I have vivid memories from the first few weeks after my dad’s death. Getting the 9:00 pm phone call from my mom after just climbing into bed from a long day at the hospital. The pit that grew so deep that sound could not be found. Throwing on my sweats to go pick up my mom so we could return to the hospital. All of us in his room at the ICU holding hands around my father’s bedside, me, my brothers, my mom, Uncle Bob and Aunt Jenny, Uncle Mike (who had just become my father’s last remaining brother), and my cousin Jimmy, whom I loved dearly as a child, but did not immediately recognize in the hospital waiting room as we gathered to pay our last respects. Writing a good-bye letter to my dad that I put it his pocket before his cremation. The viewing where I, after a long and solid history of running from rooms where dead people gathered, telling my brother that I wasn’t ready to leave my dad and my oldest brother joking that we could throw dad in the back of his pickup and we could run until I was ready to let him go.

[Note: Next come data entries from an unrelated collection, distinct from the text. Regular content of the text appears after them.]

Lemma compact_continuous_ub (R : realType) (T : topologicalType) (f : T -> R)
    (K : set T) :
  continuous f -> compact K -> exists M, forall x, K x -> f x <= M.
Proof.
move=> cf cK.
have := compact_bounded (continuous_compact (continuous_subspaceT cf) cK).
case=> M0 [_ M0ub]; exists (M0 + 1) => x Kx.
have /M0ub/(_ (f x)) : M0 < M0 + 1 by rewrite ltrDl.
by move=> /(_ (ex_intro2 _ _ x Kx erefl)); apply: le_trans; exact: ler_norm.
Qed.

Section SigmaSpaces.
Context {I : choiceType} {X : I -> topologicalType}.

Lemma sigT_compact_finite_index (K : set {i & X i}) :
  compact K -> finite_set (@projT1 I X @` K).
Proof.
move=> /compact_cover_compact /(_ I setT (fun i => existT X i @` setT)) [].
- by move=> i _; apply: existT_open_map; exact: openT.
- by move=> [i x] _; exists i => //; exists x.
move=> D _ KD; apply: sub_finite_set (finite_fset D).
by move=> _ [p /KD[i Di [x _ <-]] <-].
Qed.

Lemma sigT_locally_compact :
  (forall i, hausdorff_space (X i)) -> (forall i, locally_compact [set: X i]) ->
  locally_compact [set: {i & X i}].
Proof.
move=> hX lcX [i x] _; rewrite withinET.
have [U] := lcX i x Logic.I; rewrite withinET => Ux [cU _].
have cU' : compact (existT X i @` U).
  by apply: continuous_compact cU; exact/continuous_subspaceT/existT_continuous.
exists (existT X i @` U); first exact: existT_nbhs.
by split => //; apply: compact_closed cU'; exact: sigT_hausdorff.
Qed.
End SigmaSpaces.

Section OrbitSpace.
Variables (R : realType) (L : eqType) (ls : seq L).
Local Notation m := (size ls).
Local Notation Q := (comp_space R ls).
Local Notation pi := (\pi_Q : 'rV[R]_m -> Q).
Local Notation orbit := (@orbit_rel R L ls).
Local Notation act := (@perm_act R L ls).

Lemma comp_space_eqP (a b : 'rV[R]_m) : pi a = pi b <-> orbit a b.
Proof. by split=> [/eqmodP | ?]; last apply/eqmodP. Qed.

Lemma perm_actB s t t' : act s (t - t') = act s t - act s t'.
Proof. exact: rV_selectB. Qed.

Lemma norm_perm_act s t : `|act s t| = `|t|.
Proof.
by apply: (@rV_select_norm R m m s) => i; exists (s^-1 i)%g; rewrite permKV.
Qed.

Laughing so hard at that vision, but knowing the truth that I might never be ready to let him go.

The first week after the funeral, driving out of the Fred Meyer parking lot behind a little old lady (86 if she was a day!), who could barely see over the steering wheel, had a cigarette hanging off her lip and was going about 15 mph in a 40 mph zone, and the rage that came over me in a second. I wanted to ram into the back of her car because HOW DARE SHE (still be living)?!  When my dad was not. Having to pull over until the rage subsided.

Driving away from the hospital after an ultrasound where I had found out that Asher was going to be a boy. I had called Andrew and my mother and, as I was driving, I was thinking of who else I could call. “Dad!” Pulling over to dial my dad’s number and only on the first ring remembering that he would not be there to answer.
Going home after planning burial arrangements and burying my face into my dog, Finnegan’s fur. The week before my dad’s death, I had shown up at his house with Finnegan after a trip to the vet where Finnegan was diagnosed with terminal cancer. A week or two the vet said, maybe a month. A week or two later, Finnegan was still here (she would stay with me until two days after Asher’s birth in April) and my dad was gone.

There are people in our lives that we will never be ready to let go of. And, yet, let go of them we must. We get little practices along the way. We go to camp, we go to college, we move out of our parent’s house, we choose different ways of life that make it harder to understand each other, we get married, we have children (and it starts over again), our children go off to school, we move out of the state, or to a different country. We get to practice, but that doesn’t mean we will ever be ready.